Active strategy selected via Flagsmith feature flag matching_strategy.

Four-Stage Pipeline

Stage 0: Semantic Discovery (Qdrant) — ALWAYS ON

Voyage AI embeddings encode patient clinical profile. Qdrant ANN search finds semantically similar providers/procedures, discovering candidates that exact code matches might miss.

  • Input: Patient clinical embedding (conditions + procedures + preferences as text)
  • Output: Candidate provider IDs with semantic similarity scores
  • Never skipped. Qdrant is Stage 0, not optional enrichment.

Stage 1: Hard Constraint Filtering (Neo4j)

Graph traversal eliminates providers that cannot serve this patient. Pass/fail, no partial scoring.

MATCH (p:Patient {patient_id: $patient_id})-[:DIAGNOSED_WITH]->(c:Condition)
      -[:INDICATED_FOR]->(proc:Procedure)
      <-[:PERFORMS]-(prov:Provider)-[:ACCREDITED_BY]->(a:Accreditation)
WHERE prov.status = 'active'
  AND proc.cpt_code IN $required_procedures
  AND EXISTS((prov)-[:LOCATED_IN]->(:Location)<-[:HAS_VISA_CORRIDOR]-(:Country {code: $patient_nationality}))
RETURN prov, proc, a

Hard constraints: - Provider has indicated procedure capability (CPT match) - Provider has relevant specialty accreditation - Medical visa corridor exists (nationality → destination) - Provider not in blocked status - Patient consent covers destination jurisdiction

Stage 2: Weighted Scoring (PostgreSQL)

Deterministic scoring across 5 active domains. Weights configurable via Flagsmith.

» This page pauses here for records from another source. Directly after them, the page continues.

Definition hlen g : R := fine (mu (Im g)).
Definition nu g (t : R) : R := fine (mu (pmap g @` icc (pa g) t)).
Definition nu_inv g (s : R) : R :=
  xget (pa g) [set t | t \in icc (pa g) (pb g) /\ nu g t = s].
Definition gamma_h g (s : R) : X := pmap g (nu_inv g s).

End Paths.

Definition abs_cont (R : realType) (c d : R) (u : R -> R) :=
  forall e : R, 0 < e -> exists2 delta : R, 0 < delta &
    forall (n : nat) (a b : nat -> R),
      (forall i, (i < n)%N -> c <= a i /\ a i <= b i /\ b i <= d) ->
      (forall i j, (i < n)%N -> (j < n)%N -> i <> j -> b i <= a j \/ b j <= a i) ->
      \sum_(i < n) (b i - a i) < delta ->
      \sum_(i < n) `|u (b i) - u (a i)| < e.

Definition ACC_p (R : realType) (X : pmetricType R)
  (mu m : {measure set (borel X) -> \bar R}) (p : R) (f : X -> R) :=
  p_ae mu m p (fun g => abs_cont 0 (hlen mu g) (f \o gamma_h mu g)).

(* Let N0 be the exceptional family of the upper gradient inequality. The paths
   of Gamma^mu having a subpath in N0, or along which rho has infinite integral,
   form a family of p-modulus zero: the first family is minorized by N0, and for
   the second k * rho is admissible for every k > 0 while its p-energy
   k^p * \int rho^p tends to 0. Along every other path the inequality holds on
   all subpaths. In the mu-arc length parametrization, disjoint parameter
   intervals of total length < delta correspond to arcs of total mu-measure
   < delta that overlap only in (null) endpoints, so the absolute continuity of
   the integral of rho over the path bounds the variation of f. *)

From Pilot Require Import Defs.
From HB Require Import structures.
From mathcomp Require Import all_boot all_order all_algebra.
From mathcomp Require Import all_classical all_reals all_analysis.
From mathcomp Require Import measurable_realfun.
From mathcomp Require Import lra.
Import Order.TTheory GRing.Theory Num.Theory.
Import numFieldNormedType.Exports.
Local Open Scope classical_set_scope.
Local Open Scope ring_scope.

Section ge0_integral_small_sets.
Context {d} {T : measurableType d} {R : realType} {mu : {measure set T -> \bar R}}.

Lemma measureD_null (A N : set T) : measurable A -> measurable N ->
  mu N = 0%E -> mu (A `\` N) = mu A.
Proof.
move=> mA mN N0; rewrite [RHS](measureDI mu mA mN).
by rewrite (@subset_measure0 _ _ _ mu (A `&` N) N) ?adde0 //; exact: measurableI.
Qed.

Context {rho : T -> \bar R}.
Hypotheses (mrho : measurable_fun setT rho) (rho_ge0 : forall x, (0 <= rho x)%E).
(* For every instance $(A,C,k)$, there exists a committee satisfying EJR+ whose representation ratio is at least $\frac34-\frac{2}{\sqrt{k}}$ and whose utilitarian ratio is at least $\frac{2}{\sqrt{k}}-\frac1k$.
   Context: An instance $(A,C,k)$ consists of a finite nonempty candidate set $C$, voters $N=\{1,\dots,n\}$, approval sets $A_i\subseteq C$, and a committee size $1\le k\le|C|$. A committee is $W\subseteq C$ with $|W|\le k$. $\mathrm{sw}(W)=\sum_i|A_i\cap W|$ and $\mathrm{cov}(W)=|\{i:A_i\cap W\ne\emptyset\}|$; the utilitarian ratio is $\mathrm{sw}(W)/\max\{\mathrm{sw}(W'):|W'|=k\}$ and the representation ratio is $\mathrm{cov}(W)/\max\{\mathrm{cov}(W'):|W'|=k\}$. $W$ satisfies EJR+ if for every $\ell\in\{1,\dots,k\}$ and every $N'\subseteq N$ with $|N'|\ge\ell n/k$ and $\bigcap_{i\in N'}A_i\ne\emptyset$, either some $i\in N'$ has $|A_i\cap W|\ge\ell$ or $\bigcap_{i\in N'}A_i\subseteq W$. *)

From mathcomp Require Import all_boot all_order all_algebra.
Set Implicit Arguments. Unset Strict Implicit. Unset Printing Implicit Defensive.
Import Order.TTheory GRing.Theory Num.Theory.

Section ABC.
Variables (C : finType) (n : nat) (A : 'I_n -> {set C}).

Definition sw (W : {set C}) : nat := \sum_(i < n) #|A i :&: W|.

Definition cov (W : {set C}) : nat := #|[set i : 'I_n | A i :&: W != set0]|.

Definition max_sw (k : nat) : nat := \max_(W : {set C} | #|W| == k) sw W.
Definition max_cov (k : nat) : nat := \max_(W : {set C} | #|W| == k) cov W.

Definition EJRplus (k : nat) (W : {set C}) : Prop :=
  forall (l : nat) (N' : {set 'I_n}),
    1 <= l <= k ->
    l * n <= #|N'| * k ->
    (\bigcap_(i in N') A i) != set0 ->
    (exists2 i, i \in N' & l <= #|A i :&: W|) \/ (\bigcap_(i in N') A i) \subset W.
End ABC.

Definition ratio (R : numFieldType) (a b : nat) : R :=
  (if b == 0%N then 1 else a%:R / b%:R)%R.

Definition util_ratio (R : numFieldType) (C : finType) (n : nat)
  (A : 'I_n -> {set C}) (k : nat) (W : {set C}) : R := ratio R (sw A W) (max_sw A k).
Definition repr_ratio (R : numFieldType) (C : finType) (n : nat)
  (A : 'I_n -> {set C}) (k : nat) (W : {set C}) : R := ratio R (cov A W) (max_cov A k).

From Pilot Require Import Defs.
From mathcomp Require Import all_boot all_order all_algebra.
From mathcomp Require Import zify ring lra.
Import Order.TTheory GRing.Theory Num.Theory.
Set Implicit Arguments. Unset Strict Implicit. Unset Printing Implicit Defensive.
(* Let $p\in\{3,4,\dots\}$, $a\ge0$, $b>0$ satisfy either ($a>0$ and $b\in[p/2-1,p/2]$) or ($a=0$ and $b\in[p/2-1,p/2)$). Let $y>0$, $N\sim\mathrm{Poisson}(y/2)$ (expectations $E[\cdot\mid y]$ are with respect to this law), and $k\in\{1,2,3\}$. (1) If $a=0$, then $$\frac{E[w_k(N)\mid y]}{E[w_{k-1}(N)\mid y]}=\frac p2+k-b-1+\frac y2+\frac{y(k-b-1)}{2}\frac{E[w_{k-1}(N)/(N+p/2)\mid y]}{E[w_{k-1}(N)\mid y]}.$$ (2) If $a>0$, then $$\frac{E[w_k(N)\mid y]}{E[w_{k-1}(N)\mid y]}=\frac p2+k-b-1+\frac y2+\frac{y(k-b-1)}{2}\frac{E[w_{k-1}(N)/(N+p/2)\mid y]}{E[w_{k-1}(N)\mid y]}+\frac y2\frac{E[\phi(N+k-1)w_{k-1}(N)/(N+p/2)\mid y]}{E[w_{k-1}(N)\mid y]}+\frac{E[\phi(N+k-1)w_{k-1}(N)\mid y]}{E[w_{k-1}(N)\mid y]}.$$
   Context: $g_0(z)=(a+z)^{-b}$; for $n\in\mathbb{Z}^+=\{0,1,2,\dots\}$ and $k\in\{0,1,2,3\}$, $w_k(n)=\int_0^\infty\frac{g_0(z)(z/2)^{n+p/2+k-1}e^{-z/2}}{2\Gamma(n+p/2)}dz$. For $a>0$, $\phi:\mathbb{Z}^+\to(0,\infty)$ is $\phi(n)=\frac{\int_0^\infty\frac{ab}{a+z}g_0(z)(z/2)^{n+p/2-1}e^{-z/2}dz}{\int_0^\infty g_0(z)(z/2)^{n+p/2-1}e^{-z/2}dz}$. *)

From Stdlib Require Import Reals Factorial.
From Coquelicot Require Import Coquelicot.
Open Scope R_scope.

Definition int0inf (f : R -> R) : R :=
  RInt_gen f (at_right 0) (Rbar_locally p_infty).

Definition Gamma (s : R) : R :=
  int0inf (fun t => Rpower t (s - 1) * exp (- t)).

Definition g0 (a b z : R) : R := Rpower (a + z) (- b).

Definition w (a b : R) (p k n : nat) : R :=
  int0inf (fun z => g0 a b z * Rpower (z / 2) (INR n + INR p / 2 + INR k - 1)
                    * exp (- z / 2) / (2 * Gamma (INR n + INR p / 2))).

Domain Weight Sub-Parameters Source
Clinical Fit 0.40 Primary diagnosis match, procedure capability, comorbidity management, pre-op test availability, surgeon volume FHIR resources, Neo4j
Outcomes 0.20 Success rate, complication rate, satisfaction, mortality index Provider data, Neo4j
Cost 0.15 Procedure cost, accommodation, travel, package transparency Provider pricing, Frankfurter FX
Travel & Logistics 0.15 Visa probability, flight connectivity, timezone diff, companion accommodation Regulatory data, Neo4j
Patient Preferences 0.10 Language concordance, dietary compliance, gender preference, religious accommodation Patient profile, provider capabilities

Confidence scoring: Data completeness reduces confidence, not ranking. Sparse profiles → lower confidence score (uncertainty), not penalized position.

def calculate_confidence(provider_data: dict) -> float:
    """
    Confidence = data completeness ratio.
    Provider with 80% of expected data fields → confidence 0.80.
    Provider with 40% → confidence 0.40.
    Displayed alongside match score to indicate reliability.
    """

Stage 3: LLM Re-Ranking & Explanation (Claude)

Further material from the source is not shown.